Das gar grausige Kloster des Oghma

Tagebucheintrag von Laringilar

Heute kamigt ich mit einem Schiffe aus Niewinter in einer Stadt an, die ihre selbige Nordheim nennet. Ein Mensch, seines Zeichigens Hexer des Oghma, und ein Gnom von schlüpfriger Gestalt begleitigten mich auf der Überfahrt. Empfangen wurden unsereins von einigen anderen so genannten Helden, wobei mich ein gar eigentümeliger Elf fragete ob ich sein Schwert gesichtet habigte.

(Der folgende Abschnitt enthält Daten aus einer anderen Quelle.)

Definition poised (G : label) : Prop :=
  G <> [] /\
  (forall a, In a G -> ~ In (Neg a) G) /\
  (forall f, In f G -> elementary f).

Definition rule_child (G : label) (chi : form) (add : list form) (c : label) : Prop :=
  forall x, In x c <-> ((In x G /\ x <> chi) \/ In x add).

Definition static_tick (G : label) : Prop := G = [].

Definition static_cross (G : label) : Prop :=
  (exists a, In a G /\ In (Neg a) G)
  \/ In (Neg Top) G.

Definition static1 (G c : label) : Prop :=
  (In Top G /\ rule_child G Top [] c)
  \/ (exists a b, In (And a b) G /\ rule_child G (And a b) [a; b] c)
  \/ (exists a, In (Neg (Neg a)) G /\ rule_child G (Neg (Neg a)) [a] c).

Definition static2 (G c1 c2 : label) : Prop :=
  (exists a b, In (Until a b) G /\
     rule_child G (Until a b) [b] c1 /\
     rule_child G (Until a b) [a; Next (Until a b)] c2)
  \/ (exists a b, In (Neg (And a b)) G /\
     rule_child G (Neg (And a b)) [Neg a] c1 /\
     rule_child G (Neg (And a b)) [Neg b] c2)
  \/ (exists a b, In (Neg (Until a b)) G /\
     rule_child G (Neg (Until a b)) [Neg a; Neg b] c1 /\
     rule_child G (Neg (Until a b)) [Neg b; Next (Neg (Until a b))] c2).

(** Non-static rules.  [br] is the branch root..v (labels in order),
    so v has index [length br - 1] =: n, and u < v means index u < n. *)
Definition lab (br : list label) (i : nat) : label := nth i br [].

Definition loop_cond (br : list label) : Prop :=
  let n := length br - 1 in
  exists u, u < n /\ poised (lab br u) /\ subset (lab br n) (lab br u) /\
    forall a b, In (Next (Until a b)) (lab br u) ->
      exists w, u < w /\ w <= n /\ In b (lab br w).

Definition prune_cond (br : list label) : Prop :=
  let n := length br - 1 in
  exists u v', u < v' /\ v' < n /\ poised (lab br n) /\
    set_eq (lab br u) (lab br n) /\ set_eq (lab br v') (lab br n) /\
    forall a b, In (Next (Until a b)) (lab br n) ->
      (exists x, v' < x /\ x <= n /\ In b (lab br x)) ->
      exists y, u < y /\ y <= v' /\ In b (lab br y).

Definition prune0_cond (br : list label) : Prop :=
  let n := length br - 1 in
  exists u, u < n /\ poised (lab br n) /\ set_eq (lab br u) (lab br n) /\
    (exists a b, In (Next (Until a b)) (lab br n)) /\
    ~ (exists a b x, In (Next (Until a b)) (lab br n) /\
                     u < x /\ x <= n /\ In b (lab br x)).

Definition transition_child (G c : label) : Prop :=
  forall x, In x c <-> (In (Next x) G \/ exists a, x = Neg a /\ In (Neg (Next a)) G).

(** * Tableaux (partial constructions).  A node is an open (not yet expanded)
    leaf, a ticked leaf, a crossed leaf, or a node with one or two children. *)
Inductive mark : Type := Open | Tick | Cross.

Inductive tree : Type :=
| Leaf : label -> mark -> tree
| Node1 : label -> tree -> tree
| Node2 : label -> tree -> tree -> tree.

Definition root_label (t : tree) : label :=
  match t with Leaf G _ => G | Node1 G _ => G | Node2 G _ _ => G end.

(* [use_prune = true]: the tableau of the paper (first applicable non-static
   rule among LOOP, PRUNE, PRUNE0, TRANSITION).
   [use_prune = false]: PRUNE and PRUNE0 are never applied, i.e. at a poised
   leaf LOOP is used if applicable and TRANSITION otherwise. *)
Definition pruned (use_prune : bool) (br : list label) : Prop :=
  use_prune = true /\ (prune_cond br \/ prune0_cond br).

(* [valid up anc t]: t is correctly built given the labels [anc] of the
   proper ancestors of its root (listed from the tableau root downward). *)
Fixpoint valid (up : bool) (anc : list label) (t : tree) : Prop :=
  match t with
  | Leaf G Open => True
  | Leaf G Tick =>
      static_tick G \/ (poised G /\ loop_cond (anc ++ [G]))
  | Leaf G Cross =>
      static_cross G \/
      (poised G /\ ~ loop_cond (anc ++ [G]) /\ pruned up (anc ++ [G]))
  | Node1 G t1 =>
      ((~ poised G /\ static1 G (root_label t1)) \/
       (poised G /\ ~ loop_cond (anc ++ [G]) /\ ~ pruned up (anc ++ [G]) /\
        transition_child G (root_label t1)))
      /\ valid up (anc ++ [G]) t1
  | Node2 G t1 t2 =>
      ~ poised G /\ static2 G (root_label t1) (root_label t2) /\
      valid up (anc ++ [G]) t1 /\ valid up (anc ++ [G]) t2
  end.

Definition is_tableau (up : bool) (phi : form) (t : tree) : Prop :=
  root_label t = [phi] /\ valid up [] t.

Fixpoint has_ticked_leaf (t : tree) : Prop :=
  match t with
  | Leaf _ Tick => True
  | Leaf _ _ => False
  | Node1 _ t1 => has_ticked_leaf t1
  | Node2 _ t1 t2 => has_ticked_leaf t1 \/ has_ticked_leaf t2
  end.

From Stdlib Require Import List Arith Lia Classical ClassicalEpsilon.
Import ListNotations.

Die Abenteurer beschlossen, ein Kloster des Oghma zu besuchigen, da dort einstige Schmuggleraktionen stattgefunden habigten sollen. Es war mir gleich, das Geld meiner hatte sich verflüchtigt gehabt und so ruhete unruhig da die Wölfe gar schrecklich geheulten. Später solltigten wir erfahren das es gar keine Wölfe seien. Wir konnten erfahrigen in der Frühe dass die Mönche dieses Kloster wohl früher sehr nett, dann sehr verschlossen und zu dem Ende alles guten gar nicht gekommen waren, was allen wohl seltsam aber keinem wirklich schreckerlich erschien.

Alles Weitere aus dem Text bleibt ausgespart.